El rey, acompañado de su familia, salió a recibirle a la villa de Fuentes de Ebro, a unas cuantas millas aguas abajo de la capital. Volvió a ser aclamado como un héroe en su segunda entrada triunfal en la ciudad. Inmediatamente detrás del rey y de Rodrigo caminaban Ramón Dalmacio, obispo de Roda, el señor de Alquézar y el mayordomo del rey de Aragón, tres de los dieciséis rehenes retenidos tras la batalla de Morella. En el campo de la Almozara se organizaron diversos festejos y torneos y el vino y los dulces corrieron por doquier a cuenta de las arcas reales. Todos los ojos de los musulmanes andalusíes se volvieron hacia el campeón cristiano que guerreaba bajo los estandartes del islam. Aquí comenzó a forjarse su leyenda a los gritos enfervorecidos de «sid, sidi!». Y así, los nombres de «león», «sid», y «mi señor», «sidi», se unieron para siempre en la persona de Rodrigo, el Cid.

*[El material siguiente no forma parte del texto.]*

Lemma commute_closure (F : X -> X) (z : X) : odo_continuous F ->
  (forall M, exists2 w, (forall x, F (x + w) = F x + w) & digit w M = digit z M) ->
  forall x, F (x + z) = F x + z.
Proof.
move=> contF approx_z x; apply: odo_eq => N.
have [M near_xz] := contF (x + z) N.
have [w commF_w eq_wz] := approx_z (maxn M N).
have eq_wz_le i : (i <= maxn M N)%N -> digit w i = digit z i.
  by move=> le_i; exact: digit_eq_le le_i eq_wz.
rewrite -(near_xz (x + w)); last first.
  by move=> i le_iM; rewrite !digitD eq_wz_le // leq_max le_iM.
by rewrite commF_w !digitD eq_wz_le // leq_max leqnn orbT.
Qed.

Lemma multiples_dense n : (0 < n)%N -> exists j, forall z : X, digit z j = 0%N ->
  forall M, exists c, digit ((n * c)%:O : X) M = digit z M.
Proof.
move=> n_gt0; pose g M := gcdn n (p M).
have [j stable_g] : exists j, forall M, (j <= M)%N -> g M = g j.
  apply: (nondecreasing_bounded_stable (b := n)) => [M|M M' le_MM'].
    exact/dvdn_leq/dvdn_gcdl.
  apply: dvdn_leq; first by rewrite gcdn_gt0 n_gt0.
  by rewrite dvdn_gcd dvdn_gcdl (dvdn_trans (dvdn_gcdr _ _)) ?dvdn_scale.
(* From j on, gcd(n, p_M) divides p_j, hence z_M, and Bezout solves
   n c = z_M mod p_M. *)
exists j => z z0 M0; pose M := maxn M0 j.
have le_jM : (j <= M)%N by rewrite leq_maxr.
have dvd_gz : g M %| digit z M.
  rewrite stable_g // (dvdn_trans (dvdn_gcdr _ _)) //.
  by apply/eqP; rewrite digit_mod.
case: (egcdnP (p M) n_gt0) => km kn bezout _.
exists (km * (digit z M %/ g M)); apply: (digit_eq_le (leq_maxl M0 j)).
rewrite digit_natmul mulnA (mulnC n) bezout mulnDl -mulnA -/(g M) (mulnC (g M)) divnK //.
by rewrite mulnCA mulnC modnMDl modn_small ?digit_lt.
Qed.

Lemma aut_commute_natmul n (F : X -> X) : in_aut n F ->
  forall c x, F (x + (n * c)%:O) = F x + (n * c)%:O.
Proof.
move=> [_ commT] c; rewrite mulrnA.
elim: c => [|c IH] x; first by rewrite mulr0n !addr0.
by rewrite mulrSr addrA -iter_odo_T commT IH iter_odo_T addrA.
Qed.

Lemma stab_aut_commute_sub (F : X -> X) : in_stab_aut F ->
  exists j, forall z : X, digit z j = 0%N -> forall x, F (x + z) = F x + z.
Proof.
move=> [n [n_gt0 autF]]; have [j dense_j] := multiples_dense n_gt0.
exists j => z z0; apply: commute_closure; first exact: (proj1 (proj1 autF)).
move=> M; have [c eq_c] := dense_j z z0 M.
by exists (n * c)%:O => //; exact: aut_commute_natmul.
Qed.

Lemma stab_aut_injective (F : X -> X) : in_stab_aut F -> injective F.
Proof. by move=> [_ [_ [[_ [G [_ [GK _]]]] _]]]; exact: can_inj GK. Qed.

End Closure.

Section SemidirectProduct.
Variables (q : scale) (m : nat).
Local Notation G := (sdp q m).
Local Open Scope ring_scope.

Lemma sdp_mulE (g h : G) : sdp_mul g h = (fun i => g.1 i + h.1 (g.2 i), (g.2 * h.2)%g).
Proof. by []. Qed.

Definition sdp_one : G := (fun _ => 0, 1%g).

Definition sdp_inv (g : G) : G := (fun i => - g.1 ((g.2^-1)%g i), (g.2^-1)%g).

Lemma sdp_mulVg (g : G) : sdp_mul (sdp_inv g) g = sdp_one.
Proof.
by rewrite sdp_mulE; congr pair; [apply: funext => i /=; rewrite addNr | rewrite mulVg].
Qed.

Lemma sdp_mulgV (g : G) : sdp_mul g (sdp_inv g) = sdp_one.
Proof.
by rewrite sdp_mulE; congr pair; [apply: funext => i /=; rewrite permK addrN | rewrite mulgV].
Qed.

End SemidirectProduct.

Section Action.
Variables (p : scale) (j : nat).
Local Notation X := (odo p).
Local Notation G := (sdp (subscale p j) (p j)).
Local Open Scope ring_scope.

(* Writing x = i + w with i < p_j and w_j = 0, (a, s) sends x to
   s^-1 i + p_j a (s^-1 i) + w. *)
Definition sdp_act (g : G) (x : X) : X :=
  let l := (g.2^-1)%g (digit_ord j x) in
  high_part j x + (l%:O + embed_sub (g.1 l)).

Lemma sdp_act_natmulD g (l : 'I_(p j)) (w : X) : digit w j = 0%N ->
  sdp_act g (l%:O + w) =
    w + ((((g.2^-1)%g l : nat))%:O + embed_sub (g.1 ((g.2^-1)%g l))).
Proof. by move=> w0; rewrite /sdp_act digit_ordD // high_partD. Qed.

Lemma sdp_actM g h x : sdp_act (sdp_mul g h) x = sdp_act g (sdp_act h x).
Proof.
case: g h => a s [b t]; rewrite {3}/sdp_act addrCA sdp_act_natmulD; last first.
  by rewrite digitD digit_high_part digit_embed_sub_j mod0n.
rewrite /sdp_act sdp_mulE /= invMg permM permKV embed_subD.
(* Keep [addrA] from unfolding [high_part]. *)
set r := high_part j x.
by rewrite [RHS]addrAC -!addrA.
Qed.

Una tarde de aquel verano Juan leía en el jardín de su casa del arrabal un tratado del médico judío Abú-l-Walid titulado Kitab al-Taljis, en el que se exponían los medicamentos más simples y su forma de empleo. Jalid había salido a comprar fruta y verdura. Regresó antes de lo previsto acompañado por un criado de Yahya ibn al-Sa'igh:
—Señor, me he tropezado camino del mercado con este criado del señor Yahya que venía hacia aquí para trasladaros un mensaje.
—Me han encargado que os comunique que mi dueño se encuentra muy enfermo. Sus hijos están ahora con él en casa. Hace ya varios días que no se sentía bien pero desde ayer por la tarde agoniza.
—¡Claro!, ahora me explico por qué Abú Bakr ha faltado al observatorio.
El brillante hijo de Yahya, a quien había educado Juan, acababa de completar su formación en la escuela palatina. Había cumplido veintiún años y estaba trabajando con el eslavo en el observatorio, aportando sus conocimientos de física y matemáticas, aunque mostraba una mayor inclinación hacia la música, la poesía y la filosofía.
Juan acudió en cuanto pudo a casa de su antiguo dueño. Yahya sufría un acceso de fiebre complicado con vómitos y temblores. Hacía un intenso calor que los criados mitigaban regando constantemente el suelo de las habitaciones y agitando enormes abanicos de palmas.